Listing 5-4 demonstrates how to use the ORDER BY
clause within an aggregate query. Be sure to type in and execute the code.
USE AdventureWorks2012;
GO
--1
SELECT CustomerID,SUM(TotalDue) AS TotalPerCustomer
FROM Sales.SalesOrderHeader
GROUP BY CustomerID
ORDER BY CustomerID;
--2
SELECT TerritoryID,AVG(TotalDue) AS AveragePerTerritory
FROM Sales.SalesOrderHeader
GROUP BY TerritoryID
ORDER BY TerritoryID;
--3
SELECT CustomerID,SUM(TotalDue) AS TotalPerCustomer
FROM Sales.SalesOrderHeader
GROUP BY CustomerID
ORDER BY SUM(TotalDue) DESC;
View the results of Listing 5-4 in Figure 5-6. As you can see, the ORDER BY
clause follows the same rules as the SELECT
list. Queries 1 and 2 return the results in the order of the nonaggregated column that is listed in the GROUP BY
clause. Query 3 displays the results in the order of the sum of TotalDue in descending order.
The WHERE
clause in an aggregate query may contain anything allowed in the WHERE
clause in any other query type. It may not, however, contain an aggregate expression. You use the WHERE
clause to eliminate rows before the groupings and aggregates are applied. To filter after the groupings are applied, you will use the HAVING
clause. You’ll learn about HAVING
in the next section. Type in and execute the code in Listing 5-5, which demonstrates using the WHERE
clause in an aggregate query.
USE AdventureWorks2012;
GO
SELECT CustomerID,SUM(TotalDue) AS TotalPerCustomer
FROM Sales.SalesOrderHeader
WHERE TerritoryID in (5,6)
GROUP BY CustomerID;
The results in Figure 5-7 contain only those rows where the TerritoryID is either 5 or 6. The query eliminates the rows before the grouping is applied. Notice that TerritoryID doesn’t appear anywhere in the query except for the WHERE clause. The WHERE clause may contain any of the columns in the table as long as it doesn't contain an aggregate expression.

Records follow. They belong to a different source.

(* In the setting below, $\mathbb E\,S(\widetilde a)\le(8+16C_G)\,\mathbb E\,S(a)$.
   Context: Let $n,N\in\mathbb N$, $I=\{1,\dots,n\}$, $J=\{1,\dots,N\}$, $G$ a nonempty finite set of maps $I\to J$, $\mathbb P$ the normalized counting measure on $G$ ($\mathbb P(E)=|E|/|G|$) and $\mathbb E$ its expectation. Assume there is a constant $C_G\ge1$ such that for all $i\in I,j\in J$, $\mathbb P(g(i)=j)=1/N$, and for all pairs $(i_1,j_1)\ne(i_2,j_2)$ in $I\times J$, $\mathbb P(g(i_1)=j_1,g(i_2)=j_2)\le C_G/N^2$. Fix an integer $1\le\ell\le n$ and a matrix $a\in\mathbb R^{n\times N}$ with non-negative entries, and let $h:\{1,\dots,nN\}\to I\times J$ be a bijection with $a(h(j))\ge a(h(j+1))$ for $1\le j<\ell N$ and $a(h(j))=0$ for $\ell N<j\le nN$ (for a matrix $b$, $b(i,j)=b_{ij}$). For such $a$, let $\widetilde a$ be the matrix with $\widetilde a(h(j))=\big(\frac1{\ell N}\sum_{i=1}^{\ell N}a(h(i))\big)\mathbb 1_{\{1,\dots,\ell N\}}(j)$ for $1\le j\le nN$. For a non-negative matrix $b$ and $g\in G$ let $S(b)(g)=\sum_{k=1}^{\ell}S_k(b)(g)$, where $S_k(b)(g)$ is the $k$-th largest (with multiplicity) of the numbers $b_{1g(1)},\dots,b_{ng(n)}$. *)

From HB Require Import structures.
From mathcomp Require Import all_boot all_order all_algebra.
Set Implicit Arguments. Unset Strict Implicit. Unset Printing Implicit Defensive.
Import Order.TTheory GRing.Theory Num.Theory.
Local Open Scope ring_scope.

(* Index sets I = {1..n}, J = {1..N} are represented (0-based) by 'I_n, 'I_N;
   maps I -> J are finite functions {ffun 'I_n -> 'I_N}. *)

Definition topsum (R : realFieldType) (l : nat) (s : seq R) : R :=
  \sum_(x <- take l (sort (fun x y : R => y <= x) s)) x.

Definition Sfun (R : realFieldType) (n N l : nat) (b : 'M[R]_(n, N))
    (g : {ffun 'I_n -> 'I_N}) : R :=
  topsum l [seq b i (g i) | i <- enum 'I_n].

Definition Exp (R : realFieldType) (n N : nat) (G : {set {ffun 'I_n -> 'I_N}})
    (f : {ffun 'I_n -> 'I_N} -> R) : R :=
  (\sum_(g in G) f g) / #|G|%:R.

Definition Prob (R : realFieldType) (n N : nat) (G : {set {ffun 'I_n -> 'I_N}})
    (E : pred {ffun 'I_n -> 'I_N}) : R :=
  #|[set g in G | E g]|%:R / #|G|%:R.

From HB Require Import structures.
From mathcomp Require Import all_boot all_order all_algebra.
From mathcomp Require Import ring lra.
Import Order.TTheory GRing.Theory Num.Theory.
Set Implicit Arguments. Unset Strict Implicit. Unset Printing Implicit Defensive.
Local Open Scope ring_scope.

(* Write X_b(g) = sum_i b_{i g(i)} and |b| = sum_{i,j} b_{ij}.  As S(b)(g) sums the l
   largest of the nonnegative numbers b_{i g(i)}, E S(ã) <= E X_ã = |ã| / N = |a| / N.
   Conversely let T = h({1, ..., l N}) and Z(g) = #{i | (i, g(i)) in T}: at most Z of the
   numbers a_{i g(i)} are positive, so l X_a <= max(l, Z) S(a), and bounding 1 / max(l, Z)
   from below by a tangent line gives X_a (2 c l - l - Z) <= c^2 l S(a).  The pair
   condition yields E[X_a Z] <= (1 + l C_G) E X_a, and c = 1 + C_G gives
   |a| / N = E X_a <= 2 (1 + C_G) E S(a). *)

Section Topsum.
Context {R : realFieldType}.
Implicit Types (s y : seq R) (x w : R).

Local Notation geR := (fun u v : R => v <= u).

Let ge_trans : transitive geR := rev_trans le_trans.
Let ge_total : total geR := fun u v => le_total v u.

Lemma sum_sort_ge s : \sum_(x <- sort geR s) x = \sum_(x <- s) x.
Proof. by apply: perm_big; rewrite perm_sort. Qed.

Lemma sorted_ge_take_drop y k x w :
  sorted geR y -> x \in take k y -> w \in drop k y -> w <= x.
Proof.
rewrite (sorted_pairwise ge_trans) -{1}(cat_take_drop k y) pairwise_cat.
by case/and3P=> /allrelP take_ge_drop _ _ /take_ge_drop; apply.
Qed.

Lemma sum_take_count_gt0 m y : sorted geR y -> all (>= 0) y ->
  (count (> 0%R) y <= m)%N -> \sum_(x <- take m y) x = \sum_(x <- y) x.
Proof.
move=> y_sorted y_ge0 y_count.
rewrite -{2}(cat_take_drop m y) big_cat /= -[LHS]addr0; congr (_ + _).
rewrite big_seq big1 // => w w_drop; apply/eqP; rewrite eq_le.
rewrite (allP y_ge0 _ (mem_drop w_drop)) andbT leNgt; apply/negP => w_gt0.
have m_lt : (m < size y)%N.
  by rewrite ltnNge; apply: contraL w_drop => /drop_oversize ->.
have take_gt0 : count (> 0) (take m y) = m.
  rewrite -[RHS](size_takel (ltnW m_lt)); apply/eqP; rewrite -all_count.
  apply/allP => x x_take; apply: (lt_le_trans w_gt0).
  exact: sorted_ge_take_drop x_take w_drop.
have drop_gt0 : (0 < count (> 0%R) (drop m y))%N.
  by rewrite -has_count; apply/hasP; exists w.
move: y_count; rewrite -(cat_take_drop m y) count_cat take_gt0.
by rewrite -[X in (_ <= X)%N](addn0 m) leq_add2l leqNgt drop_gt0.
Qed.

Lemma sum_take_sorted_mean l m y : sorted geR y -> all (>= 0) y -> (l <= m)%N ->
  l%:R * \sum_(x <- take m y) x <= m%:R * \sum_(x <- take l y) x.
Proof.
move=> y_sorted y_ge0 lm.
rewrite -(subnKC lm) takeD big_cat natrD mulrDl mulrDr lerD2l.
set A := take l y; set W := take (m - l) (drop l y).
have A_ge0 : 0 <= \sum_(x <- A) x.
  by rewrite big_seq sumr_ge0 // => x /mem_take/(allP y_ge0).
have [y_short | l_le] := ltnP (size y) l.
  by rewrite /W drop_oversize ?(ltnW y_short) // big_nil mulr0 mulr_ge0.
have W_le w : w \in W -> l%:R * w <= \sum_(x <- A) x.
  move=> /mem_take w_drop.
  have -> : l%:R * w = \sum_(x <- A) w.
    by rewrite big_const_seq count_predT iter_addr_0 size_takel // mulr_natl.
  rewrite big_seq [leRHS]big_seq; apply: ler_sum => x x_A.
  exact: sorted_ge_take_drop y_sorted x_A w_drop.
rewrite mulr_sumr big_seq (le_trans (ler_sum _ W_le)) // -big_seq.
rewrite big_const_seq count_predT iter_addr_0 -[_ *+ size W]mulr_natl.
apply: ler_wpM2r => //.
by rewrite ler_nat size_take_min geq_minl.
Qed.

Lemma topsum_ge0 l s : all (>= 0) s -> 0 <= topsum l s.
Proof.
move=> s_ge0; rewrite /topsum big_seq sumr_ge0 // => x /mem_take.
by rewrite mem_sort => /(allP s_ge0).
Qed.

Lemma topsum_le_sum l s : all (>= 0) s -> topsum l s <= \sum_(x <- s) x.
Proof.
move=> s_ge0; rewrite /topsum -[leRHS]sum_sort_ge; set y := sort _ s.
rewrite -{2}(cat_take_drop l y) big_cat lerDl.
by rewrite big_seq sumr_ge0 // => x /mem_drop; rewrite mem_sort => /(allP s_ge0).
Qed.

Lemma topsum_ge_mean l z s : all (>= 0) s -> (count (> 0%R) s <= z)%N ->
  l%:R * \sum_(x <- s) x <= (maxn l z)%:R * topsum l s.
Proof.
move=> s_ge0 s_count; rewrite /topsum -sum_sort_ge.
have sorted_s : sorted geR (sort geR s) := sort_sorted ge_total s.
have sort_ge0 : all (>= 0) (sort geR s) by rewrite all_sort.
rewrite -(sum_take_count_gt0 (m := maxn l z) sorted_s sort_ge0); last first.
  by rewrite count_sort (leq_trans s_count (leq_maxr _ _)).
exact: sum_take_sorted_mean sorted_s sort_ge0 (leq_maxl _ _).
Qed.

End Topsum.

(* [1 / m >= (2 c l - m) / (c l)^2]: the convex function [m |-> 1 / m] lies above its
   tangent line at [c l]. *)
Lemma tangent_line_bound {R : realFieldType} (x s m l c : R) :
  0 <= x -> 0 < m -> 0 <= l -> l * x <= m * s -> x * (2 * c * l - m) <= c ^+ 2 * l * s.
Proof.
move=> x_ge0 m_gt0 l_ge0 lx_le; rewrite -subr_ge0 -(pmulr_rge0 _ m_gt0).
have -> : m * (c ^+ 2 * l * s - x * (2 * c * l - m))
    = c ^+ 2 * l * (m * s - l * x) + x * (c * l - m) ^+ 2 by ring.
by apply: addr_ge0; apply: mulr_ge0; rewrite ?sqr_ge0 ?subr_ge0 // mulr_ge0 ?sqr_ge0.
Qed.

Lemma sum_delta {R : pzSemiRingType} {I : finType} (F : I -> R) (x : I) :
  \sum_i F i * (x == i)%:R = F x.
Proof.
rewrite (bigD1 x) //= eqxx mulr1 big1 ?addr0 // => i.
by rewrite eq_sym => /negbTE ->; rewrite mulr0.
Qed.

Section Sampling.
Variables (R : realFieldType) (n N : nat) (G : {set {ffun 'I_n -> 'I_N}}).
Implicit Types (a b : 'M[R]_(n, N)) (T : {set 'I_n * 'I_N}).
Implicit Types (g : {ffun 'I_n -> 'I_N}) (f : {ffun 'I_n -> 'I_N} -> R).

Lemma eq_Exp {f f'} : (forall g, f g = f' g) -> Exp G f = Exp G f'.
Proof. by move=> ff'; rewrite /Exp (eq_bigr _ (fun g _ => ff' g)). Qed.

Lemma Exp_sum (I : finType) (F : I -> {ffun 'I_n -> 'I_N} -> R) :
  Exp G (fun g => \sum_i F i g) = \sum_i Exp G (F i).
Proof. by rewrite /Exp exchange_big mulr_suml. Qed.

Lemma ExpZ k f : Exp G (fun g => k * f g) = k * Exp G f.
Proof. by rewrite /Exp -mulr_sumr mulrA. Qed.

Lemma ExpB f f' : Exp G (fun g => f g - f' g) = Exp G f - Exp G f'.
Proof. by rewrite /Exp sumrB mulrBl. Qed.

Lemma ler_Exp f f' : (forall g, g \in G -> f g <= f' g) -> Exp G f <= Exp G f'.
Proof. by move=> ff'; rewrite /Exp ler_wpM2r ?invr_ge0 // ler_sum. Qed.

Lemma Exp_ge0 f : (forall g, g \in G -> 0 <= f g) -> 0 <= Exp G f.
Proof. by move=> f_ge0; rewrite /Exp divr_ge0 ?sumr_ge0. Qed.

Lemma Exp_indicator (P : pred {ffun 'I_n -> 'I_N}) :
  Exp G (fun g => (P g)%:R) = Prob R G P.
Proof.
rewrite /Exp /Prob; congr (_ / _).
rewrite -sum1_card natr_sum big_mkcond [RHS]big_mkcond /=.
by apply: eq_bigr => g _; rewrite inE; case: (g \in G); case: (P g).
Qed.

Definition sum_along b g : R := \sum_i b i (g i).

Definition mass b : R := \sum_i \sum_j b i j.

Definition indicator_mx (T : {set 'I_n * 'I_N}) : 'M[R]_(n, N) :=
  \matrix_(i, j) ((i, j) \in T)%:R.

Lemma sum_alongE b g :
  sum_along b g = \sum_(p : 'I_n * 'I_N) b p.1 p.2 * (g p.1 == p.2)%:R.
Proof.
rewrite -(pair_big xpredT xpredT (fun i j => b i j * (g i == j)%:R)) /=.
by apply: eq_bigr => i _; rewrite sum_delta.
Qed.

Lemma massE b : mass b = \sum_(p : 'I_n * 'I_N) b p.1 p.2.
Proof. exact: pair_big. Qed.

Lemma sum_along_map b g :
  \sum_(x <- [seq b i (g i) | i <- enum 'I_n]) x = sum_along b g.
Proof. by rewrite big_map big_enum. Qed.

Lemma sum_along_indicator T g :
  sum_along (indicator_mx T) g = (count (fun i => (i, g i) \in T) (enum 'I_n))%:R.
Proof.
rewrite -sum1_count natr_sum big_mkcond big_enum /=.
by apply: eq_bigr => i _; rewrite mxE; case: ((i, g i) \in T).
Qed.

Lemma mass_indicator T : mass (indicator_mx T) = #|T|%:R.
Proof.
rewrite massE -sum1_card natr_sum [RHS]big_mkcond /=.
by apply: eq_bigr => p _; rewrite mxE -surjective_pairing; case: (p \in T).
Qed.

Lemma sum_along_le_Sfun l (c : R) T a g : (0 < l)%N ->
  (forall i j, 0 <= a i j) -> (forall i j, (i, j) \notin T -> a i j = 0) ->
  sum_along a g * (2 * c * l%:R - l%:R - sum_along (indicator_mx T) g)
    <= c ^+ 2 * l%:R * Sfun l a g.
Proof.
move=> l_gt0 a_ge0 a_supp; rewrite sum_along_indicator.
set z := count _ _; set s := [seq a i (g i) | i <- enum 'I_n].
have s_ge0 : all (>= 0) s by apply/allP => _ /mapP [i _ ->].
have s_count : (count (> 0%R) s <= z)%N.
  rewrite count_map; apply: sub_count => i /=.
  by apply: contraLR => /a_supp ->; rewrite ltxx.
have := topsum_ge_mean l s_ge0 s_count; rewrite sum_along_map => mean_le.
have X_ge0 : 0 <= sum_along a g by rewrite sumr_ge0.
have maxn_gt0 : 0 < (maxn l z)%:R :> R by rewrite ltr0n leq_max l_gt0.
apply: le_trans (tangent_line_bound c X_ge0 maxn_gt0 (ler0n _ _) mean_le).
rewrite ler_wpM2l // -addrA -opprD lerD2l lerN2 -natrD ler_nat.
by rewrite geq_max leq_addr leq_addl.
Qed.

Hypothesis Prob_marginal : forall i j, Prob R G (fun g => g i == j) = 1 / N%:R.

Lemma Exp_sum_along b : Exp G (sum_along b) = mass b / N%:R.
Proof.
rewrite (eq_Exp (sum_alongE b)) Exp_sum massE mulr_suml.
by apply: eq_bigr => p _; rewrite ExpZ Exp_indicator Prob_marginal mul1r.
Qed.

To eliminate rows based on an aggregate expression, use the HAVING
clause. The HAVING
clause may contain aggregate expressions that do or do not appear in the SELECT
list. For example, you could write a query that returns the sum of the total due for customers who have placed at least ten orders. The count of the orders doesn’t have to appear in the SELECT
list. Alternately, you could include only those customers who have spent at least $10,000 (sum of total due), which does appear in the list.

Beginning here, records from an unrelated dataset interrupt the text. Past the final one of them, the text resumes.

Lemma signed_bound_along_characteristic tau D X sg s1 : defect_bound tau D -> 0 <= D ->
  is_characteristic x0 X -> Rabs sg = 1 -> 0 < s1 <= tau ->
  sg * eps s1 (X s1) <= barrier X D s1.
Proof.
  intros HD HD0 HX Hsg Hs1. pose proof HX as [_ HXin].
  set (g := fun s => sg * eps s (X s) - barrier X D s).
  assert (g s1 <= 0); [|unfold g in *; lra].
  apply (nonpos_of_differential_ineq g
           (fun s => sg * (2 * cos (X s) * eps s (X s)
                           + sin (X s) * RInt (fun y => eps s y) 0 (X s))
                     - barrier_derive X D s) s1 2); [lra | lra | | | | ].
  - intros e He.
    destruct (eps_along_characteristic_right_continuous X HX (e / 2) ltac:(lra))
      as [d1 [Hd1 Hd1']].
    assert (HB : continuous (barrier X D) 0)
      by (apply ex_derive_continuous_R; eexists; apply is_derive_barrier, HX).
    destruct (continuous_eps_delta _ _ HB (e / 2) ltac:(lra)) as [d2 [Hd2 Hd2']].
    exists (Rmin d1 d2). split; [apply Rmin_pos; lra|]. intros s Hs0 Hsd _.
    pose proof (Rmin_l d1 d2). pose proof (Rmin_r d1 d2).
    specialize (Hd1' s Hs0 ltac:(lra)).
    specialize (Hd2' s ltac:(rewrite Rminus_0_r, Rabs_right; lra)).
    unfold g. replace (sg * eps s (X s) - barrier X D s - (sg * eps 0 (X 0) - barrier X D 0))
      with (sg * (eps s (X s) - eps 0 (X 0)) - (barrier X D s - barrier X D 0)) by ring.
    eapply Rle_lt_trans; [apply Rabs_triang|]. rewrite Rabs_Ropp, Rabs_mult, Hsg. lra.
  - intros s Hs. apply (is_derive_minus (K := R_AbsRing) (V := R_NormedModule)).
    + apply is_derive_scal.
      apply is_derive_eps_along_characteristic; [exact HX | lra].
    + apply is_derive_barrier, HX.
  - intros s Hs Hg. apply (barrier_differential_ineq tau); auto. lra.
  - unfold g, barrier. destruct eps_solution as [Hinit _].
    rewrite Hinit by apply in_Omega_of_int, HXin.
    pose proof (eps0_le (X 0) (in_Omega_of_int _ _ _ (HXin 0))).
    rewrite Rmult_0_r, exp_0, Rmult_0_r, exp_0, !Rmult_1_r.
    assert (sg * eps0 (X 0) <= Rabs (eps0 (X 0)))
      by (eapply Rle_trans; [apply Rle_abs | rewrite Rabs_mult, Hsg; lra]).
    lra.
Qed.

Lemma bound_along_characteristic tau D X s1 : defect_bound tau D -> 0 <= D ->
  is_characteristic x0 X -> 0 < s1 <= tau ->
  Rabs (eps s1 (X s1)) <= barrier X D s1.
Proof.
  intros HD HD0 HX Hs1. apply Rabs_le.
  pose proof (signed_bound_along_characteristic tau D X 1 s1 HD HD0 HX Rabs_R1 Hs1).
  pose proof (signed_bound_along_characteristic tau D X (-1) s1 HD HD0 HX
                ltac:(rewrite Rabs_left by lra; ring) Hs1).
  lra.
Qed.

Lemma defect_bound_improve tau D : defect_bound tau D -> 0 <= D -> defect_bound tau (5 / 7 * D).
Proof.
  intros HD HD0 s y Hs Hy. pose proof (exp_pos (9 * s)).
  destruct (Rle_lt_or_eq_dec 0 s (proj1 Hs)) as [Hs0| <-].
  - pose proof (Rabs_xstar_lt_PI x0 s). pose proof PI_RGT_0.
    apply (le_of_le_in_interior (fun y => Rabs (eps s y))
             (fun y => M * exp (- (1 - th) * s) * W y + 5 / 7 * D * exp (9 * s))
             (- PI - xstar x0 s) (PI - xstar x0 s)); [split_Rabs; lra | exact Hy | | |].
    + intros e He.
      destruct (eps_jointly_continuous s y (proj1 Hs) Hy e He) as [d [Hd Hd2]].
      exists d. split; [exact Hd|]. intros y' Hy' Hyd.
      eapply Rle_lt_trans; [apply Rabs_triang_inv2|].
      apply Hd2; [lra | exact Hy' | | exact Hyd].
      rewrite Rminus_diag_eq, Rabs_R0 by reflexivity. lra.
    + apply ex_derive_continuous_R. auto_derive. exists (dW y). apply is_derive_W.
    + intros y' Hy'.
      destruct (characteristic_through x0 s y' Hy') as [X [HX1 HX]].
      rewrite <- HX1. apply (bound_along_characteristic tau); auto. lra.
  - rewrite Rmult_0_r, exp_0, Rmult_0_r, exp_0, !Rmult_1_r.
    destruct eps_solution as [Hinit _]. rewrite Hinit by exact Hy.
    pose proof (eps0_le y Hy). lra.
Qed.

Lemma defect_bound_geometric tau D : defect_bound tau D -> 0 <= D ->
  forall n, defect_bound tau ((5 / 7) ^ n * D).
Proof.
  intros HD HD0 n. induction n as [|n IH].
  - simpl. now rewrite Rmult_1_l.
  - replace ((5 / 7) ^ S n * D) with (5 / 7 * ((5 / 7) ^ n * D)) by (simpl; ring).
    apply defect_bound_improve; [exact IH|]. apply Rmult_le_pos; [apply pow_le; lra | exact HD0].
Qed.

Lemma eps_le_weighted s y : 0 <= s -> in_Omega x0 s y ->
  Rabs (eps s y) <= M * exp (- (1 - th) * s) * W y.
Proof.
  intros Hs Hy.
  destruct (solution_bounded x0 s eps Hs eps_jointly_continuous) as [D0 [HD0 HD0b]].
  assert (HE : 1 <= exp (9 * s)) by (rewrite <- exp_0; apply exp_le_exp; lra).
  assert (HD : defect_bound s D0).
  { intros s' y' Hs' Hy'. specialize (HD0b s' y' Hs' Hy').
    assert (0 <= M * exp (- (1 - th) * s') * W y').
    { apply Rmult_le_pos; [apply Rmult_le_pos; [lra | left; apply exp_pos] | apply W_ge_0]. }
    assert (1 <= exp (9 * s')) by (rewrite <- exp_0; apply exp_le_exp; lra).
    nra. }
  apply (le_of_le_add_pow (5 / 7) _ _ (D0 * exp (9 * s))); [lra | nra |].
  intros n. rewrite <- Rmult_assoc.
  apply (defect_bound_geometric s D0 HD HD0 n); [lra | exact Hy].
Qed.

End Bootstrap.

(** * The weighted norm *)

Lemma bigO_cube0_0 f : bigO_cube0 f -> f 0 = 0.
Proof.
  intros [C [eta [Heta H]]]. specialize (H 0 ltac:(rewrite Rabs_R0; lra)).
  rewrite Rabs_R0 in H. simpl in H. rewrite !Rmult_0_l, Rmult_0_r in H.
  apply Rabs_eq_0. apply Rle_antisym; [exact H | apply Rabs_pos].
Qed.

Lemma le_Linf_ratio x0 t f w x : in_Omega x0 t x -> w x <> 0 ->
  Rbar_le (Rabs (f x / w x)) (Linf_ratio x0 t f w).
Proof. intros Hx Hw. apply Lub_Rbar_correct. exists x. auto. Qed.

Lemma Linf_ratio_le x0 t f w (K : R) : (forall x, 0 <= w x) ->
  (forall x, in_Omega x0 t x -> Rabs (f x) <= K * w x) ->
  Rbar_le (Linf_ratio x0 t f w) K.
Proof.
  intros Hw H. apply Lub_Rbar_correct. intros r [x [Hx [Hwx ->]]]. simpl.
  assert (Hwp : 0 < w x) by (specialize (Hw x); lra).
  rewrite Rabs_div, (Rabs_right (w x)) by lra.
  apply (Rmult_le_reg_r (w x)); [lra|].
  unfold Rdiv. rewrite Rmult_assoc, Rinv_l, Rmult_1_r by lra. now apply H.
Qed.

Lemma Rabs_le_Linf_ratio_mul_W x0 t f M : Rabs x0 < / 10 -> 0 <= t -> bigO_cube0 f ->
  Linf_ratio x0 t f W = Finite M -> forall y, in_Omega x0 t y -> Rabs (f y) <= M * W y.
Proof.
  intros Hx0 Ht Hf HM y Hy. destruct (Req_dec (W y) 0) as [HW|HW].
  - rewrite HW, (W_eq_0_in_Omega x0 Hx0 t y Ht Hy HW), bigO_cube0_0, Rabs_R0 by exact Hf.
    lra.
  - pose proof (le_Linf_ratio x0 t f W y Hy HW) as H. rewrite HM in H. simpl in H.
    assert (HWp : 0 < W y) by (pose proof (W_ge_0 y); lra).
    rewrite Rabs_div, (Rabs_right (W y)) in H by lra.
    apply (Rmult_le_reg_r (/ W y)); [apply Rinv_0_lt_compat; lra|].
    rewrite Rmult_assoc, Rinv_r, Rmult_1_r by lra. exact H.
Qed.

Theorem proposition3p1 :
  forall theta : R, 0 < theta < 1 ->
  exists (delta : R) (W : R -> R),
    0 < delta /\
    (forall x, 0 <= W x) /\
    (forall x, W (x + 2 * PI) = W x) /\
    W1inf W /\
    bigO_cube0 W /\
    (forall x, ~ in_2piZ x -> 0 < W x) /\
    forall (x0 : R) (eps0 : R -> R) (eps : R -> R -> R),
      - delta < x0 < delta ->
      C3_on (- PI - xstar x0 0) (PI - xstar x0 0) eps0 ->
      bigO_cube0 eps0 ->
      is_global_solution x0 eps0 eps ->
      forall t : R, 0 <= t ->
        Rbar_le (Linf_ratio x0 t (eps t) W)
                (Rbar_mult (Finite (exp (- (1 - theta) * t)))
                           (Linf_ratio x0 0 eps0 W)).
Proof.
  intros th Hth. exists (/ 10), W.
  refine (conj _ (conj W_ge_0 (conj W_periodic (conj W_W1inf
            (conj W_bigO_cube0 (conj W_pos _)))))); [lra|].
  intros x0 eps0 eps Hx0 _ Heps0 Hsol t Ht.
  assert (Hx0' : Rabs x0 < / 10) by (apply Rabs_def1; lra).
  pose proof (le_Linf_ratio x0 0 eps0 W _ (in_Omega_PI2 x0 Hx0' 0 (Rle_refl 0)) W_PI2_neq_0)
    as HPI2.
  destruct (Linf_ratio x0 0 eps0 W) as [M| |] eqn:HM; simpl in HPI2.
  - assert (HM0 : 0 <= M) by (pose proof (Rabs_pos (eps0 (PI / 2) / W (PI / 2))); lra).
    pose proof (Rabs_le_Linf_ratio_mul_W x0 0 eps0 M Hx0' (Rle_refl 0) Heps0 HM) as Hinit.
    apply Linf_ratio_le; [exact W_ge_0|]. intros x Hx.
    replace (exp (- (1 - th) * t) * M * W x) with (M * exp (- (1 - th) * t) * W x) by ring.
    exact (eps_le_weighted th x0 M eps0 eps Hth Hx0' Hsol HM0 Hinit t x Ht Hx).
  - rewrite Rbar_mult_comm, is_Rbar_mult_unique with (z := p_infty);
      [destruct (Linf_ratio x0 t (eps t) W); exact I|].
    apply is_Rbar_mult_p_infty_pos. apply exp_pos.
  - contradiction.
Qed.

You can also include nonaggregate columns in the HAVING
clause as long as the columns appear in the GROUP BY
clause. In other words, you can eliminate some of the groups with the HAVING
clause. Behind the scenes, however, the database engine may move that criteria to the WHERE
clause because it is more efficient to eliminate those rows first. Criteria involving nonaggregate columns actually belongs in the WHERE
clause, but the query will still work with the criteria appearing in the HAVING
clause.
Most of the operators such as equal to (=
), less than (<
), and between that are used in the WHERE
clause will work. Here is the syntax:
SELECT <aggregate function1>(<col1>),<col2>
FROM <table1>
GROUP BY <col2>
HAVING <aggregate function2>(<col3>) = <value>
Like the GROUP BY
clause, the HAVING
clause will be in aggregate queries only. Listing 5-6 demonstrates the HAVING
clause. Be sure to type in and execute the code.
USE AdventureWorks2012;
GO
--1
SELECT CustomerID,SUM(TotalDue) AS TotalPerCustomer
FROM Sales.SalesOrderHeader
GROUP BY CustomerID
HAVING SUM(TotalDue) > 5000;
--2
SELECT CustomerID,SUM(TotalDue) AS TotalPerCustomer
FROM Sales.SalesOrderHeader
GROUP BY CustomerID
HAVING COUNT(*) = 10 AND SUM(TotalDue) > 5000;
--3
SELECT CustomerID,SUM(TotalDue) AS TotalPerCustomer
FROM Sales.SalesOrderHeader
GROUP BY CustomerID
HAVING CustomerID > 27858;
You can find the results in Figure 5-8. Query 1 shows only the rows where the sum of the TotalDue exceeds 5,000. The TotalDue column appears within an aggregate expression in the SELECT
list. Query 2 demonstrates how an aggregate expression not included in the SELECT
list may be used (in this case, the count of the rows) in the HAVING
clause. Query 3 contains a nonaggregated column, CustomerID, in the HAVING
clause, but it is a column in the GROUP BY
clause. In this case, you could have moved the criteria to the WHERE
clause instead and received the same results.
Developers often struggle when trying to figure out whether the filter criteria belongs in the WHERE
clause or in the HAVING
clause. Here’s a tip: you must know the order in which the database engine processes the clauses. First, review the order in which you write the clauses in an aggregate query.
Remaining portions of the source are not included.